We have already announced almost £3 billion of extra help for families, and a £300 million investment in childcare and already we are investing almost £200 million in the New Deal for lone parents. We believe that we are working with lone parents to deliver what they themselves are asking for.

Our first problem with the amendment is, therefore, the principle. Our second problem relates to cost. As the noble Lord anticipated, our third problem relates to public administration. It is not only a question of the amendment being technically flawed; although I fear that it is flawed; we cannot revoke the 1997 regulations, as the amendment seeks, because they have been revoked already by the Budget. Therefore, even if Amendment No. 53 were to be passed, it could have no effect.

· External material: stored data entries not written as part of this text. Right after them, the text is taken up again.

Lemma prod_linear_at (T : eqType) (r : seq T) i0 (F : T -> A) c u v :
  uniq r -> i0 \in r ->
  \prod_(i <- r) (if i == i0 then c *: u + v else F i) =
  c *: \prod_(i <- r) (if i == i0 then u else F i) +
  \prod_(i <- r) (if i == i0 then v else F i).
Proof.
elim: r => // a r IH /= /andP [a_r r_uniq]; rewrite in_cons !big_cons.
case/predU1P => [-> | i0_r].
  have off w : \prod_(i <- r) (if i == a then w else F i) = \prod_(i <- r) F i.
    rewrite big_seq [RHS]big_seq; apply: eq_bigr => i ir.
    by rewrite ifN //; apply: contraNneq a_r => <-.
  by rewrite eqxx !off mulrDl scalerAl.
have /negPf -> : a != i0 by apply: contraNneq a_r => ->.
by rewrite IH // mulrDr scalerAr.
Qed.

Lemma standard_poly_linear m (x : 'I_m -> A) j c u v :
  standard_poly (upd x j (c *: u + v)) =
  c *: standard_poly (upd x j u) + standard_poly (upd x j v).
Proof.
rewrite /standard_poly scaler_sumr -big_split; apply: eq_bigr => p _ /=.
have perm_upd w : \prod_(i < m) upd x j w (p i) =
                  \prod_(i < m) (if i == (p^-1)%g j then w else x (p i)).
  by apply: eq_bigr => i _; rewrite /upd (canF_eq (permK p)).
rewrite !perm_upd prod_linear_at ?index_enum_uniq ?mem_index_enum //.
by rewrite scalerDr !scalerA mulrC.
Qed.

Lemma ideal_prod I (T : eqType) (r : seq T) (F : T -> A) i0 :
  is_ideal I -> i0 \in r -> I (F i0) -> I (\prod_(i <- r) F i).
Proof.
move=> [_ _ Il Ir]; elim: r => // a r IH; rewrite in_cons big_cons.
by case/predU1P => [-> | /IH IHr] Fi0; [apply: Ir | apply/Il/IHr].
Qed.

Lemma standard_poly_ideal I m (x : 'I_m -> A) j :
  is_ideal I -> I (x j) -> I (standard_poly x).
Proof.
move=> idI Ixj; have [I0 ID _ _] := idI; apply: big_ind => // p _.
apply: ideal_scale => //; apply: (ideal_prod (i0 := (p^-1)%g j)) => //.
by rewrite permKV.
Qed.

Lemma standard_poly_pigeonhole s m (x : 'I_m -> A) :
  (size s < m)%N -> (forall i, x i \in s) -> standard_poly x = 0.
Proof.
move=> lt_s_m xs; have /injectivePn [i1 [i2 neq12 eqx]] : ~~ injectiveb x.
  apply/injectiveP => /map_inj_uniq x_uniq; move: lt_s_m; rewrite ltnNge => /negP; apply.
  rewrite -[m]card_ord -(size_codom x); apply: uniq_leq_size.
    by rewrite x_uniq enum_uniq.
  by move=> y /codomP [i ->].
exact: standard_poly_alternate neq12 eqx.
Qed.

Lemma standard_poly_upd_span I s m (x : 'I_m -> A) j y (c : nat -> k) :
  is_ideal I -> (forall t, (t < size s)%N -> I (standard_poly (upd x j s`_t))) ->
  I y -> I (standard_poly (upd x j (y + \sum_(t < size s) c t *: s`_t))).
Proof.
move=> idI Is Iy; have [I0 ID _ _] := idI.
have Iupd u : I u -> I (standard_poly (upd x j u)).
  by move=> Iu; apply: (standard_poly_ideal (j := j)) => //; rewrite /upd eqxx.
rewrite -[y]scale1r standard_poly_linear scale1r; apply: (ID); first exact: Iupd.
apply: (big_ind (fun u => I (standard_poly (upd x j u)))) => [|u w Iu Iw|t _].
- exact: Iupd.
- by rewrite -[u]scale1r standard_poly_linear scale1r; apply: (ID).
- rewrite -[_ *: _]addr0 standard_poly_linear; apply: (ID); last exact: Iupd.
  exact: ideal_scale idI (Is _ (ltn_ord t)).
Qed.

(* Replace the arguments [x j], [x (j+1)], ... one at a time by elements of [s]
   modulo [I]; once all of them are in [s], two of them coincide. *)
Lemma standard_poly_codim I s m (x : 'I_m -> A) : is_ideal I ->
  (forall a, exists y, I y /\ exists c : nat -> k, a = y + \sum_(i < size s) c i *: s`_i) ->
  (size s < m)%N -> I (standard_poly x).
Proof.
move=> idI codI lt_s_m.
suff in_s j : (j <= m)%N -> forall x : 'I_m -> A,
    (forall i : 'I_m, (j <= i)%N -> x i \in s) -> I (standard_poly x).
  by apply: (in_s m) => // i; rewrite leqNgt ltn_ord.
elim: j => [_ {}x xs | j IH lt_j_m {}x xs].
  by rewrite (standard_poly_pigeonhole lt_s_m) => [|i]; [case: idI | apply: xs].
pose j' := Ordinal lt_j_m; have [y [Iy [c xj]]] := codI (x j').
rewrite -(eq_standard_poly (upd_id x j')) xj.
apply: (standard_poly_upd_span c idI _ Iy) => t lt_t.
apply: IH (ltnW lt_j_m) _ _ => i le_j_i; rewrite /upd; case: eqP => [_|neq].
  exact: mem_nth.
apply: xs; rewrite ltn_neqAle le_j_i andbT; apply/eqP => eq_ji.
by apply/neq/val_inj; rewrite /= eq_ji.
Qed.

End StandardPoly.

Section NonPI.
Variables (k : fieldType) (A : algType k).

Definition perm_word m (p : 'S_m) : seq nat := [seq val (p i) | i <- index_enum 'I_m].

Lemma perm_word_inj {m} : injective (@perm_word m).
Proof.
move=> p q /eq_in_map eq_pq; apply/permP => i; apply: val_inj.
by apply: eq_pq; apply: mem_index_enum.
Qed.
Lemma bp_map_face (Y : {set BPV n}) : (bp_map @: Y \in F) = (Y \in BPfaces n).
Proof.
apply/idP/idP => [YF|].
- have [p [q [Ef apq]]] := face_apex YF.
  have [j jn pq_j] := c_edges apq; pose jo := Ordinal jn.
  have Epq (t : V) : [set t; p; q] = [set t; c jo; c jo.+1].
    by case/orP: pq_j => /andP [/eqP -> /eqP ->] //; rewrite set3C23.
  case: Ef => Ef; [rewrite (Epq a) -(bp_map_triangle true jo) in Ef |
                   rewrite (Epq b) -(bp_map_triangle false jo) in Ef];
  rewrite (imset_inj bp_map_inj Ef) !inE; apply/orP; [left | right];
  by apply/imsetP; exists jo.
- rewrite inE => /orP [] /imsetP [j _ ->]; rewrite bp_map_triangle //=.
  exact: (apex_swap Ia typeI_ba).
Qed.

End Bipyramid.

Lemma two_vertexI_bipyramid : exists2 n, 3 <= n & tri_iso F (BPfaces n).
Proof.
have [u [w auw]] := vertex_face a.
have [n [c [[n3 c_inj c_mod c_face c_edges] c_cover]]] := link_cycle auw.
exists n => //; apply: (tri_iso_of_bij (bp_map_bij c_inj c_face c_cover)).
exact: bp_map_face c_inj c_mod c_face c_edges.
Qed.

End TwoVerticesOfTypeI.
End ZOrientation.
End Triangulation.

Theorem mainTheorem12 (V : finType) (F : {set {set V}}) (S : pred (state V)) :
  is_triangulation F ->
  z_orientation F S ->
  (forall f, f \in F -> faceI F S f) ->
  all_homogeneous F S ->
  #|[set v | vertexI F S v]| = 2 ->
  exists2 n, 3 <= n & tri_iso F (BPfaces n).
Proof.
move=> [_ [card3 two_faces face_cover link_conn _]] [zstep_inv zrev] facesI homog.
case/eqP/cards2P=> a [b [ab typeI_set]].
have typeI_ab v : vertexI F S v -> v = a \/ v = b.
  have : (v \in [set v | vertexI F S v]) = vertexI F S v by rewrite inE.
  by rewrite typeI_set !inE => <- /orP [] /eqP; [left | right].
have [Ia Ib] : vertexI F S a /\ vertexI F S b.
  by rewrite -!(in_set (vertexI F S)) typeI_set !inE !eqxx orbT.
exact: (two_vertexI_bipyramid card3 two_faces face_cover link_conn
          zstep_inv zrev facesI homog ab Ia Ib typeI_ab).
Qed.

The Social Security (Lone Parents) (Amendment) Regulations 1998 are already in force. The administrators have already made all the necessary computer changes. I do not want to hang on the technical points because clearly the technicalities could be amended, but the significant point is that the regulations are already in force and are taking effect. The necessary computer changes have been made, together with all the necessary changes to procedures, leaflets, guidance and forms to administer the new legislation. Many thousands of lone parent claimants are already being paid on the basis of the new benefit rates. If we were now to make a retrospective change, we would create a huge administrative problem, particularly given that we are to make another change, a step up, for the same lone parents in November, with a further step up taking place from April 1999.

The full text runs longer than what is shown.